Dana took a new look at Tanya, who by then was in charge of the children’s ministry. The rest, as they say, is history. The couple married in March 2002 in a double ceremony with friends.

“It was the worst time of the year to get married,” Dana joked because of the weather and other conditions.

When Dana first went to Russia, missionaries set a goal to help establish 24 congregations.

It took two years to see the goal met. Many of the churches remain, under the leadership of Russian pastors.

In 2003, because of issues with Dana’s visa, the couple returned to the states. They now make trips once or twice a year to the country, offering support to those in the churches he helped establish, many of which exist along the Volga River.

On the last trip, Tanya joked, the couple took five extra suitcases — stuffed full of gifts for the pastors and their wives as well as for the various children they would meet. The gifts included clothes, multiple boxes of chocolates and supplies to make fudge.

The couple now works with World Mission Organization, a ministry based in Dallas. Dana is ordained through White Dove Fellowship, a church in Louisiana which supports pastors and missionaries, as well as Christ for the Nations.

Since returning stateside, Dana and Tanya spent several years helping with the children’s ministry in Kenwood. They also connected and traveled with Fred Smith, a Native American pastor, who ministers to those living on Native American reservations.

Locally, the couple minister at GAP Church in Miami, Oklahoma, helping with the various ministries including the children’s programs.

But their hearts, along with some of Tanya’s family members, remain in Russia.

Needing hope

Tanya said life was different in Russia before the 1990.

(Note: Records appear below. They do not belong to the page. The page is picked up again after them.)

Lemma outside_card_le_blockers (Y U Z : {set V}) :
  Y \subset A -> {in Y, forall y, deg_in e A y = 1} -> independent e Y ->
  independent e Z -> [disjoint Z & A] ->
  {in Z, forall z, nbhd e z :&: A \subset Y :|: U} -> #|Z| <= #|U|.
Proof.
move=> YA Y_deg1 Y_ind Z_ind ZA Z_nbhd.
have [KAY K_ind K_card] := exchangeP IA I_ind YA Y_deg1 Y_ind.
set K := exchange I Y in KAY K_ind K_card.
have KZ : [disjoint K :\: U & Z].
  rewrite disjoint_sym; apply: disjointWr ZA.
  by apply/subsetP => k /setDP [/(subsetP KAY) /setDP []].
have KUZ_ind : independent e ((K :\: U) :|: Z).
  apply: (independentU e_sym) => //.
    by apply: independentS K_ind; exact: subsetDl.
  move=> k z /setDP [kK kU] zZ; apply/negP => kz.
  have [kA kY] : k \in A /\ k \notin Y by move/(subsetP KAY): kK; rewrite inE => /andP [].
  have /(subsetP (Z_nbhd z zZ)) : k \in nbhd e z :&: A by rewrite !inE e_sym kz.
  by rewrite inE (negbTE kY) (negbTE kU).
have := independent_card_le_alpha KUZ_ind; rewrite cardsU_disjoint // -I_card.
rewrite -K_card -(cardsID U K) addnC leq_add2r => /leq_trans; apply.
exact/subset_leq_card/subsetIr.
Qed.
(* In the setting described in the context, the set $\{\ell_{xy}\mid x,y\in V\}$ spans the whole space $V^*$. Moreover, if $a\in V$ is such that either $\ell_{ax}=0$ for all $x\in V$ or $\ell_{xa}=0$ for all $x\in V$, then $a=0$.
   Context: Let $V$ be a $3$-dimensional vector space over a field $k$ and $\zeta\in GL(V)$. Write $xy$ for $x\otimes y$ in $T(V)$. Put $x\barwedge y=\zeta(x)y-\zeta(y)x$ and $x\barwedge y\barwedge z=\zeta^2(x)\zeta(y)z+\zeta^2(y)\zeta(z)x+\zeta^2(z)\zeta(x)y-\zeta^2(x)\zeta(z)y-\zeta^2(y)\zeta(x)z-\zeta^2(z)\zeta(y)x$. Let $I_2=\mathrm{span}\{x\barwedge y\}\subset V^{\otimes 2}$ and $\Upsilon^{(3)}=(I_2\otimes V)\cap(V\otimes I_2)=\mathrm{span}\{x\barwedge y\barwedge z\}$ (one-dimensional). Via the isomorphisms $\bigwedge^2V\cong I_2$, $x\wedge y\mapsto x\barwedge y$, and $\bigwedge^3V\cong\Upsilon^{(3)}$, $x\wedge y\wedge z\mapsto x\barwedge y\barwedge z$, there is a bilinear product $x\barwedge w\in\Upsilon^{(3)}$ for $x\in V$, $w\in I_2$, with $x\barwedge(y\barwedge z)=x\barwedge y\barwedge z$. Let $R$ be a Hecke symmetry on $V$ with parameter $q\neq0$ (braid equation and $(R-q\,\mathrm{Id})(R+\mathrm{Id})=0$) such that $\mathrm{Im}(R-q\,\mathrm{Id})=I_2$ (i.e. $\mathbb{S}(V,R)=T(V)/(I_2)$). Put $Y=q\,\mathrm{Id}-R$. Fix a nonzero alternating trilinear form $\omega$ on $V$, let $\tilde\omega:\Upsilon^{(3)}\to k$ be the linear map with $\tilde\omega(x\barwedge y\barwedge z)=\omega(x,y,z)$, and define $\ell_{xy}\in V^*$ by $\ell_{xy}(z)=\tilde\omega\big(x\barwedge Y(\zeta(y)z)\big)$. *)

From HB Require Import structures.
From mathcomp Require Import all_boot all_order all_algebra.
Set Implicit Arguments. Unset Strict Implicit. Unset Printing Implicit Defensive.
Import GRing.Theory.
Local Open Scope ring_scope.

(* Coordinates: V = k^3 as row vectors; a linear map zeta in GL(V) is an
   invertible 3x3 matrix acting by x |-> x *m zeta.
   V (x) V is modelled by 3x3 matrices, x (x) y = x^T *m y (entry (i,j) = x_i y_j). *)

Notation V k := 'rV[k]_3.
Notation T2 k := 'M[k]_3.
Notation T3 k := {ffun 'I_3 * 'I_3 * 'I_3 -> k^o}.

Section Tensors.
Variable k : fieldType.
Local Notation V := (V k).
Local Notation T2 := (T2 k).
Local Notation T3 := (T3 k).

Definition zact (Z : 'M[k]_3) (x : V) : V := x *m Z.

Definition tensor2 (x y : V) : T2 := x^T *m y.
Definition tensor3 (x y z : V) : T3 :=
  [ffun p : 'I_3 * 'I_3 * 'I_3 => x 0 p.1.1 * y 0 p.1.2 * z 0 p.2].

Definition wedge2 (Z : 'M[k]_3) (x y : V) : T2 :=
  tensor2 (zact Z x) y - tensor2 (zact Z y) x.

Definition wedge3 (Z : 'M[k]_3) (x y z : V) : T3 :=
  let Z2 := zact Z \o zact Z in
  tensor3 (Z2 x) (zact Z y) z + tensor3 (Z2 y) (zact Z z) x
  + tensor3 (Z2 z) (zact Z x) y - tensor3 (Z2 x) (zact Z z) y
  - tensor3 (Z2 y) (zact Z x) z - tensor3 (Z2 z) (zact Z y) x.

(* R (x) Id and Id (x) R on V^{(x)3}, for R a linear endomorphism of V (x) V *)
Definition slice12 (t : T3) (l : 'I_3) : T2 := \matrix_(i, j) t (i, j, l).
Definition slice23 (t : T3) (i : 'I_3) : T2 := \matrix_(j, l) t (i, j, l).
Definition R12 (R : T2 -> T2) (t : T3) : T3 :=
  [ffun p : 'I_3 * 'I_3 * 'I_3 => R (slice12 t p.2) p.1.1 p.1.2].
Definition R23 (R : T2 -> T2) (t : T3) : T3 :=
  [ffun p : 'I_3 * 'I_3 * 'I_3 => R (slice23 t p.1.1) p.1.2 p.2].

End Tensors.

Definition islin (k : fieldType) (U W : lmodType k) (f : U -> W) : Prop :=
  forall (a : k) (u v : U), f (a *: u + v) = a *: f u + f v.
Definition islin_k (k : fieldType) (U : lmodType k) (f : U -> k) : Prop :=
  forall (a : k) (u v : U), f (a *: u + v) = a * f u + f v.

Definition in_span (k : fieldType) (U : lmodType k) (S : U -> Prop) (w : U) : Prop :=
  exists (n : nat) (c : 'I_n -> k) (v : 'I_n -> U),
    (forall i, S (v i)) /\ w = \sum_(i < n) c i *: v i.

Definition I2 (k : fieldType) (Z : 'M[k]_3) (w : T2 k) : Prop :=
  in_span (fun v : T2 k => exists x y, v = wedge2 Z x y) w.

Definition braid (k : fieldType) (R : T2 k -> T2 k) : Prop :=
  forall t : T3 k, R12 R (R23 R (R12 R t)) = R23 R (R12 R (R23 R t)).
Definition hecke (k : fieldType) (R : T2 k -> T2 k) (q : k) : Prop :=
  forall w : T2 k, let u := R w + w in R u - q *: u = 0.

Definition trilinear (k : fieldType) (om : V k -> V k -> V k -> k) : Prop :=
  (forall y z, islin_k (fun x => om x y z)) /\
  (forall x z, islin_k (fun y => om x y z)) /\
  (forall x y, islin_k (fun z => om x y z)).
Definition alternating (k : fieldType) (om : V k -> V k -> V k -> k) : Prop :=
  (forall x z, om x x z = 0) /\ (forall x y, om x y y = 0) /\ (forall x y, om x y x = 0).

Definition Ymap (k : fieldType) (R : T2 k -> T2 k) (q : k) (w : T2 k) : T2 k :=
  q *: w - R w.

(* ell_{xy}(z) = omega~( x barwedge Y(zeta(y) z) ), where
   omt : T3 -> k is a linear functional extending omega~ on Upsilon^(3) and
   prd : V -> T2 -> T3 is a bilinear map extending the product x barwedge w (w in I_2). *)
Definition ell (k : fieldType) (Z : 'M[k]_3) (R : T2 k -> T2 k) (q : k)
  (omt : T3 k -> k) (prd : V k -> T2 k -> T3 k) (x y z : V k) : k :=
  omt (prd x (Ymap R q (tensor2 (zact Z y) z))).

As a student, she was encouraged to believe in Grandpa Lenin rather than a God. Attending church — especially an evangelical congregation — was looked down upon. Tanya said her mother and grandmother would often secretly take her to church.

In the early 1990s, the country began to allow missionaries to visit. That led to an increase of evangelical churches and chances to attend church publicly.

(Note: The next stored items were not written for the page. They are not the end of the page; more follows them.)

(* Every Halin graph is $(3,1)$-choosable.
   Context: A Halin graph is a planar graph constructed from a planar drawing of a tree with at least four vertices and no vertices of degree two by connecting its leaves by a cycle that crosses none of its edges. A $(k,d)$-list assignment for a graph $G$ assigns to each vertex $v$ a list $L(v)$ of at least $k$ colors such that $|L(x)\cap L(y)|\le d$ whenever $x$ and $y$ are adjacent; $G$ is $(k,d)$-choosable if for every $(k,d)$-list assignment $L$ there is a proper vertex coloring $\varphi$ with $\varphi(v)\in L(v)$ for all $v$. *)

From mathcomp Require Import all_boot.
Set Implicit Arguments. Unset Strict Implicit. Unset Printing Implicit Defensive.

Definition simple_graph (T : finType) (e : rel T) : Prop :=
  (forall x y, e x y = e y x) /\ (forall x, ~~ e x x).

Definition deg (T : finType) (e : rel T) (v : T) : nat := #|[set u | e v u]|.

(* A tree: a connected simple graph with |V| - 1 edges (edges counted as
   ordered pairs, hence the factor 2). *)
Definition is_tree (T : finType) (t : rel T) : Prop :=
  simple_graph t /\ (forall x y, connect t x y) /\
  #|[set p : T * T | t p.1 p.2]| = 2 * (#|T| - 1).

Definition is_leaf (T : finType) (t : rel T) (v : T) : bool := deg t v == 1.

Definition del_edge (T : finType) (t : rel T) (u v : T) : rel T :=
  fun x y => t x y && ~~ (((x == u) && (y == v)) || ((x == v) && (y == u))).

Definition cyclic_arc (T : finType) (s : seq T) (A : pred T) : Prop :=
  exists i k, forall x, (x \in take k (rot i s)) = A x.

(* The cyclic order s of the leaves of t is the one induced by a planar
   drawing of t with the leaves on a closed curve crossing no tree edge:
   for every tree edge uv, the leaves on u's side of uv form an arc of s. *)
Definition planar_leaf_order (T : finType) (t : rel T) (s : seq T) : Prop :=
  forall u v, t u v ->
    cyclic_arc s (fun w => is_leaf t w && connect (del_edge t u v) u w).

Definition halin (T : finType) (e : rel T) : Prop :=
  exists (t : rel T) (s : seq T),
    [/\ is_tree t, 4 <= #|T| & (forall v, deg t v != 2)] /\
    [/\ uniq s, (forall v, (v \in s) = is_leaf t v),
        planar_leaf_order t s &
        forall x y, e x y =
          t x y || [&& x \in s, y \in s & (next s x == y) || (next s y == x)]].

Definition kd_list_assignment (T : finType) (e : rel T) (k d : nat)
    (L : T -> seq nat) : Prop :=
  (forall v, k <= size (undup (L v))) /\
  (forall x y, e x y -> size [seq c <- undup (L x) | c \in L y] <= d).

Definition L_colorable (T : finType) (e : rel T) (L : T -> seq nat) : Prop :=
  exists f : T -> nat, (forall v, f v \in L v) /\ (forall x y, e x y -> f x != f y).

Definition kd_choosable (T : finType) (e : rel T) (k d : nat) : Prop :=
  forall L, kd_list_assignment e k d L -> L_colorable e L.

From mathcomp Require Import all_boot zify.
Set Implicit Arguments. Unset Strict Implicit. Unset Printing Implicit Defensive.

(* Induced subgraphs of a tree have fewer edges than vertices, so
   trees are 1-degenerate and can be coloured from any lists of size 2; keep
   such a colouring on the internal vertices.  In a tree with at least three
   vertices each leaf has exactly one neighbour, and it is internal, so every
   leaf has one colour forbidden by its parent.  Along the leaf cycle
   x0, x1, ..., xm give x0 a colour avoiding its parent's colour and the at most
   one colour that L(x0) shares with L(xm); then colour x1, ..., xm greedily,
   each avoiding its parent and its predecessor.  The colour of xm lies in L(xm),
   which misses the colour of x0. *)

Lemma fresh_color (A : eqType) (u w : seq A) :
  size w < size (undup u) -> exists2 c, c \in u & c \notin w.
Proof.
move=> lt_wu; have /hasP [c] : has [predC w] (undup u).
  apply/hasPn => /= sub_uw; move: lt_wu; rewrite ltnNge.
  by rewrite uniq_leq_size ?undup_uniq // => c /sub_uw /negPn.
by rewrite mem_undup; exists c.
Qed.

Section DegenerateColoring.
Variables (T : finType) (r : rel T) (k : nat).
Hypothesis r_simple : simple_graph r.
Hypothesis r_degenerate : forall S : {set T}, S != set0 ->
  exists2 x, x \in S & #|[set y in S | r x y]| <= k.

Lemma degenerate_L_colorable (L : T -> seq nat) :
  (forall v, k < size (undup (L v))) -> L_colorable r L.
Proof.
have [r_sym r_irr] := r_simple.
move=> L_big; suff /(_ [set: T]) [f [fL f_proper]] : forall S : {set T},
    exists f : T -> nat, {in S, forall v, f v \in L v} /\
                         {in S &, forall x y, r x y -> f x != f y}.
  by exists f; split=> [v | x y]; [apply: fL | apply: f_proper].
move=> S; move cardS: #|S| => n; elim: n S cardS => [|n IHn] S cardS.
  by exists (fun _ => 0); rewrite (cards0_eq cardS); split=> ?; rewrite inE.
have [x xS deg_x] : exists2 x, x \in S & #|[set y in S | r x y]| <= k.
  by apply: r_degenerate; rewrite -card_gt0 cardS.
have [f [fL f_proper]] : exists f : T -> nat, {in S :\ x, forall v, f v \in L v} /\
    {in S :\ x &, forall x y, r x y -> f x != f y}.
  by apply: IHn; move: cardS; rewrite (cardsD1 x) xS => -[].
have [c cL c_fresh] : exists2 c, c \in L x & c \notin [seq f y | y in [set y in S | r x y]].
  by apply: fresh_color; rewrite size_image; apply: leq_ltn_trans deg_x _.
have nbr_fresh y : y \in S -> r x y -> c != f y.
  by move=> yS rxy; apply: contra c_fresh => /eqP ->; apply: image_f; rewrite inE yS.
exists (fun v => if v == x then c else f v); split.
  by move=> v vS; case: eqVneq => [-> // | vx]; apply: fL; rewrite !inE vx.
move=> a b aS bS rab; case: (eqVneq a x) => [ax | ax]; case: (eqVneq b x) => [bx | bx].
- by move: rab; rewrite ax bx (negbTE (r_irr x)).
- by rewrite nbr_fresh // -ax.
- by rewrite eq_sym nbr_fresh // r_sym -bx.
- by rewrite f_proper // !inE ?ax ?bx.
Qed.

End DegenerateColoring.

Section Tree.
Variables (T : finType) (t : rel T).

Definition arcs := [set p : T * T | t p.1 p.2].

Lemma sum_card_nbhs_in (S : {set T}) :
  \sum_(x in S) #|[set y in S | t x y]| = #|arcs :&: setX S S|.
Proof.
rewrite -sum1_card (eq_bigl (fun p => (p.1 \in S) && ((p.2 \in S) && t p.1 p.2))).
  rewrite -(pair_big_dep _ (fun x y => (y \in S) && t x y) (fun _ _ => 1)).
  by apply: eq_bigr => x _; rewrite -sum1_card; apply: eq_bigl => y; rewrite inE.
by move=> [x y]; rewrite !inE /= andbC -andbA.
Qed.

Lemma sum_deg : \sum_v deg t v = #|arcs|.
Proof.
have -> : arcs = arcs :&: setX setT setT by apply/setP => -[x y]; rewrite !inE ?andbT.
rewrite -sum_card_nbhs_in; apply: eq_big => [v | v _]; first by rewrite inE.
by apply: eq_card => y; rewrite !inE.
Qed.

Definition parent (x : T) : T := odflt x [pick y | t x y].

Lemma leaf_adjE x y : is_leaf t x -> t x y = (y == parent x).
Proof.
move=> /cards1P [p nbhs_x].
have adjE z : t x z = (z == p) by rewrite -in_set1 -nbhs_x inE.
rewrite /parent adjE; case: pickP => [z | /(_ p)]; first by rewrite adjE => /eqP ->.
by rewrite adjE eqxx.
Qed.

Hypothesis t_sym : forall x y, t x y = t y x.
Hypothesis t_conn : forall x y, connect t x y.

Lemma exists_arc_into (S : {set T}) a b : a \in S -> b \notin S ->
  exists x y, [/\ t x y, x \notin S & y \in S].
Proof.
move=> aS bS; case: (boolP [exists x, exists y, [&& t x y, x \notin S & y \in S]]).
  by move=> /existsP [x /existsP [y /and3P [? ? ?]]]; exists x, y.
move=> /existsPn no_arc_into; have S_closed : closed t (mem S).
  suff arc_from x y : t x y -> x \in S -> y \in S.
    by move=> x y txy; apply/idP/idP; apply: arc_from; rewrite // t_sym.
  move=> txy xS; apply/negPn/negP => yS.
  by have /existsPn /(_ x) := no_arc_into y; rewrite t_sym txy yS xS.
by move: bS; rewrite -(closed_connect S_closed (t_conn a b)) aS.
Qed.

Lemma card_arcs_leaving (S : {set T}) :
  S != set0 -> 2 * #|~: S| <= #|arcs :\: setX S S|.
Proof.
move cardSC: #|~: S| => n; elim: n S cardSC => // n IHn S cardSC S0.
have [b] : exists b, b \in ~: S by apply/card_gt0P; rewrite cardSC.
rewrite inE => bS; have [a aS] := set0Pn _ S0.
have [x [y [txy xS yS]]] := exists_arc_into aS bS.
have cardxSC : #|~: (x |: S)| = n.
  by move: (cardsC S) (cardsC (x |: S)); rewrite cardsU1 xS cardSC; lia.
have xS0 : x |: S != set0 by apply/set0Pn; exists x; rewrite setU11.
have new_arcs : (x, y) |: ((y, x) |: (arcs :\: setX (x |: S) (x |: S)))
                \subset arcs :\: setX S S.
  apply/subsetP => -[u v]; rewrite !inE /= => /or3P [/eqP [-> ->] | /eqP [-> ->] |].
  - by rewrite (negbTE xS) txy.
  - by rewrite t_sym txy (negbTE xS) andbF.
  - by case/andP=> uvNxS ->; rewrite andbT; apply: contra uvNxS => /andP [-> ->]; rewrite !orbT.
have := subset_leq_card new_arcs; rewrite !cardsU1 !inE /= eqxx yS /= !orbT orbF.
have -> /= : (x, y) != (y, x) by apply/eqP => -[xy _]; rewrite xy yS in xS.
by move=> card_le; apply: leq_trans card_le; rewrite mulnS !add1n; apply: IHn.
Qed.

Lemma deg_gt0 v : 1 < #|T| -> 0 < deg t v.
Proof.
move=> T_gt1; have [w] : exists w, w \in predC1 v.
  by apply/card_gt0P; rewrite cardC1 -subn1 subn_gt0.
rewrite !inE => wv; case/connectP: (t_conn v w) => -[|u p] /= => [_ wE | /andP [tvu _] _].
  by rewrite wE eqxx in wv.
by apply/card_gt0P; exists u; rewrite inE.
Qed.

Lemma leaf_adj_not_leaf x y : 2 < #|T| -> is_leaf t x -> t x y -> ~~ is_leaf t y.
Proof.
move=> T_gt2 x_leaf txy; apply: contraTN T_gt2 => y_leaf; rewrite -leqNgt.
have leaf_nbr a b c : is_leaf t a -> t a b -> t a c -> b = c.
  by move=> /leaf_adjE adjE; rewrite !adjE => /eqP -> /eqP ->.
have adj_xy a b : a \in [set x; y] -> t a b -> b \in [set x; y].
  rewrite !inE => /orP [] /eqP -> tab.
    by rewrite (leaf_nbr x b y) ?eqxx ?orbT.
  by rewrite (leaf_nbr y b x) ?eqxx // t_sym.
have xy_closed : closed t (mem [set x; y]).
  by move=> a b tab; apply/idP/idP => /adj_xy; apply; rewrite // t_sym.
have -> : #|T| = #|[set x; y]|.
  by apply: eq_card => w; rewrite -(closed_connect xy_closed (t_conn x w)) !inE eqxx.
by rewrite cards2 ltnS leq_b1.
Qed.

Hypothesis t_arcs : #|arcs| = 2 * (#|T| - 1).

Lemma card_arcs_in (S : {set T}) : S != set0 -> #|arcs :&: setX S S| + 2 <= 2 * #|S|.
Proof.
move=> S0; have := cardsID (setX S S) arcs; rewrite t_arcs.
move: (card_arcs_leaving S0) (cardsC S) (card_gt0 S); rewrite S0; lia.
Qed.

Lemma tree_degenerate (S : {set T}) :
  S != set0 -> exists2 x, x \in S & #|[set y in S | t x y]| <= 1.
Proof.
move=> S0; apply/exists_inP; apply: contraT => /exists_inPn nbhs_big.
have : 2 * #|S| <= \sum_(x in S) #|[set y in S | t x y]|.
  by rewrite mulnC -sum_nat_const; apply: leq_sum => x /nbhs_big; rewrite -ltnNge.
by rewrite sum_card_nbhs_in; move: (card_arcs_in S0); lia.
Qed.

Lemma two_leaves : 1 < #|T| -> 2 <= #|[set v | is_leaf t v]|.
Proof.
move=> T_gt1; have : 2 * #|T| <= \sum_v (deg t v + is_leaf t v).
  rewrite mulnC -sum_nat_const; apply: leq_sum => v _; have := deg_gt0 v T_gt1.
  by rewrite /is_leaf; case: eqP => [-> | deg_neq1 deg_pos] //=; lia.
rewrite big_split /= sum_deg t_arcs.
have -> : \sum_v (is_leaf t v : nat) = #|[set v | is_leaf t v]|.
  by rewrite -sum1_card [RHS]big_mkcond; apply: eq_bigr => v _; rewrite inE; case: is_leaf.
(* [t_arcs] and [T_gt1] elaborate [#|T|] differently; [set] makes it one [lia] atom. *)
by set n := #|T| in T_gt1 *; lia.
Qed.

End Tree.

Section CycleColoring.
Variables (T : eqType) (L : T -> seq nat) (h : T -> nat).
Hypothesis L_big : forall v, 2 < size (undup (L v)).

Lemma path_list_coloring (q : seq T) x0 c0 : uniq q -> x0 \notin q ->
  exists g : T -> nat, [/\ g x0 = c0, {in q, forall y, g y \in L y /\ g y != h y}
                         & path (fun a b => g a != g b) x0 q].
Proof.
elim: q x0 c0 => [|y q IHq] x0 c0; first by exists (fun _ => c0).
rewrite /= inE negb_or => /andP [yNq q_uniq] /andP [x0Ny x0Nq].
have yx0F : (y == x0) = false by rewrite eq_sym (negbTE x0Ny).
have [c cL c_fresh] : exists2 c, c \in L y & c \notin [:: c0; h y].
  exact/fresh_color/(leq_trans _ (L_big y)).
have [g [gy gL g_path]] := IHq y c q_uniq yNq.
exists (fun z => if z == x0 then c0 else g z); split.
- by rewrite eqxx.
- move=> z; rewrite inE => /orP [/eqP -> | zq]; last first.
    by rewrite ifN; [apply: gL | apply: contraNneq x0Nq => <-].
  by rewrite yx0F gy cL; move: c_fresh; rewrite !inE negb_or => /andP [].
- rewrite /= eqxx yx0F gy; apply/andP; split.
    by move: c_fresh; rewrite !inE negb_or eq_sym => /andP [].
  rewrite (@eq_in_path _ (predC1 x0) _ (fun a b => g a != g b)) //.
    by move=> a b /= /negbTE -> /negbTE ->.
  by rewrite /= yx0F; apply/allP => z zq /=; apply: contraNneq x0Nq => <-.
Qed.

Lemma cycle_list_coloring (s : seq T) : uniq s -> 1 < size s ->
  (forall x, x \in s -> size [seq c <- undup (L x) | c \in L (next s x)] <= 1) ->
  exists g : T -> nat, {in s, forall v, g v \in L v /\ g v != h v}
                       /\ cycle (fun a b => g a != g b) s.
Proof.
case: s => [|x0 q] // s_uniq q_gt0 meet_small.
have xl_q : last x0 q \in q by case: q q_gt0 {s_uniq meet_small} => // y q _ /=; apply: mem_last.
set xl := last x0 q in xl_q *.
have next_xl : next (x0 :: q) xl = x0.
  by have /= := cycle_next s_uniq; rewrite rcons_path => /andP [_ /eqP].
have [c cL c_fresh] : exists2 c, c \in L x0 &
    c \notin h x0 :: [seq c <- undup (L xl) | c \in L x0].
  apply: fresh_color; apply: leq_ltn_trans (L_big x0).
  by have := meet_small xl; rewrite inE xl_q orbT next_xl; apply.
have cNLxl : c \notin L xl.
  by apply: contra c_fresh => c_xl; rewrite inE mem_filter cL mem_undup c_xl orbT.
move: s_uniq => /= /andP [x0Nq q_uniq].
have [g [gx0 gL g_path]] := path_list_coloring c q_uniq x0Nq.
exists g; split.
  move=> v; rewrite inE => /orP [/eqP -> | /gL //]; rewrite gx0 cL; split=> //.
  by move: c_fresh; rewrite inE negb_or => /andP [].
rewrite /= rcons_path g_path gx0 /=; apply: contra cNLxl => /eqP <-.
by case: (gL _ xl_q).
Qed.

End CycleColoring.

Theorem proposition2 (T : finType) (e : rel T) :
  halin e -> kd_choosable e 3 1.
Proof.
move=> [t [s [[t_tree T_ge4 _] [s_uniq s_leaves _ eE]]]] L [L_big L_meet].
have [t_simple [t_conn t_arcs]] := t_tree; have [t_sym _] := t_simple.
have T_gt2 : 2 < #|T| by apply: leq_trans T_ge4.
have [f [fL f_proper]] : L_colorable t L.
  by apply: (degenerate_L_colorable t_simple (tree_degenerate t_sym t_conn t_arcs)) => v; exact: ltnW.
have s_size : 1 < size s.
  rewrite -(card_uniqP s_uniq) (eq_card (B := [set v | is_leaf t v])) => [|v]; last by rewrite inE.
  exact: two_leaves t_conn t_arcs (ltnW T_gt2).
have e_next x : x \in s -> e x (next s x) by move=> xs; rewrite eE mem_next xs eqxx !orbT.
have [g [gL g_cycle]] := cycle_list_coloring (fun v => f (parent t v)) L_big s_uniq s_size
  (fun x xs => L_meet _ _ (e_next x xs)).
pose phi v := if v \in s then g v else f v.
have leaf_arc x y : x \in s -> t x y -> phi x != phi y.
  move=> xs txy; have x_leaf : is_leaf t x by rewrite -s_leaves.
  have yNs : y \notin s by rewrite s_leaves (leaf_adj_not_leaf t_sym t_conn T_gt2 x_leaf).
  move: txy; rewrite /phi xs (negbTE yNs) (leaf_adjE _ x_leaf) => /eqP ->.
  by case: (gL x xs).
exists phi; split=> [v | x y]; first by rewrite /phi; case: ifP => [/gL [] | _].
rewrite eE => /orP [txy | /and3P [xs ys /orP [] /eqP <-]].
- have [xs | xNs] := boolP (x \in s); first exact: leaf_arc.
  have [ys | yNs] := boolP (y \in s); first by rewrite eq_sym leaf_arc // t_sym.
  by rewrite /phi (negbTE xNs) (negbTE yNs) f_proper.
- by rewrite /phi xs mem_next xs (next_cycle g_cycle).
- by rewrite /phi ys mem_next ys eq_sym (next_cycle g_cycle).
Qed.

Many of those churches, Tanya said, are still growing and blossoming, even as members often face persecution. Changing rules and regulations make it more difficult for believers to spread the Gospel.

Russians are learning to read the Bible themselves rather than relying on the past belief that a priest was the only person who could read and understand the Bible’s’ message.

Tanya believes Russians are open to faith because many struggled to remain hopeful under communism. She believes the lack of hope is why many Russians struggle with alcohol addiction.

A series of rehabilitation facilities for the Russian people is one of the strength’s of the evangelical church community. Some Russians have become missionaries to those living outside of their country.

Tanya and Dana hope people around the world continue to pray for the Russian believers and pastors — especially as those pastors strive to take the message out into remote villages and locations within the country.

Dana said many churches in Russia use rented spaces for their congregations. This can be risky at times because it relies on the generosity of the building’s owner.

She recalls one time when Dana’s congregation was kicked out of their building for months. The members met in a forest for two months, before dividing to meet 40 to 50 at a time in various apartments.

“Most believers meet wherever they can meet,” Dana said. “Very few own their own buildings.”

Some congregations have saved for years, building their own facilities a little at a time. Dana said it took members of Ulyanovsk Christian Center more than 18 years to build their church.

Tanya’s home congregation in Yoshkar-Ola bought and renovated an old movie theater in order to have a permanent home.

Encouragement is what Dana and Tanya say the congregations need the most. Encouragement is also needed for non-Russians who travel to the country for the educational opportunities. Tanya said a growing number of students from Africa, Indonesia and India travel to Russia to study.

“Russian believers need prayer support,” Tanya said. “Jesus is the only hope and answer.”

While the couple do not have natural children, they know children of all ages have come to faith through their work.

“Our biggest reward is to see generations of kids know Jesus,” Dana said.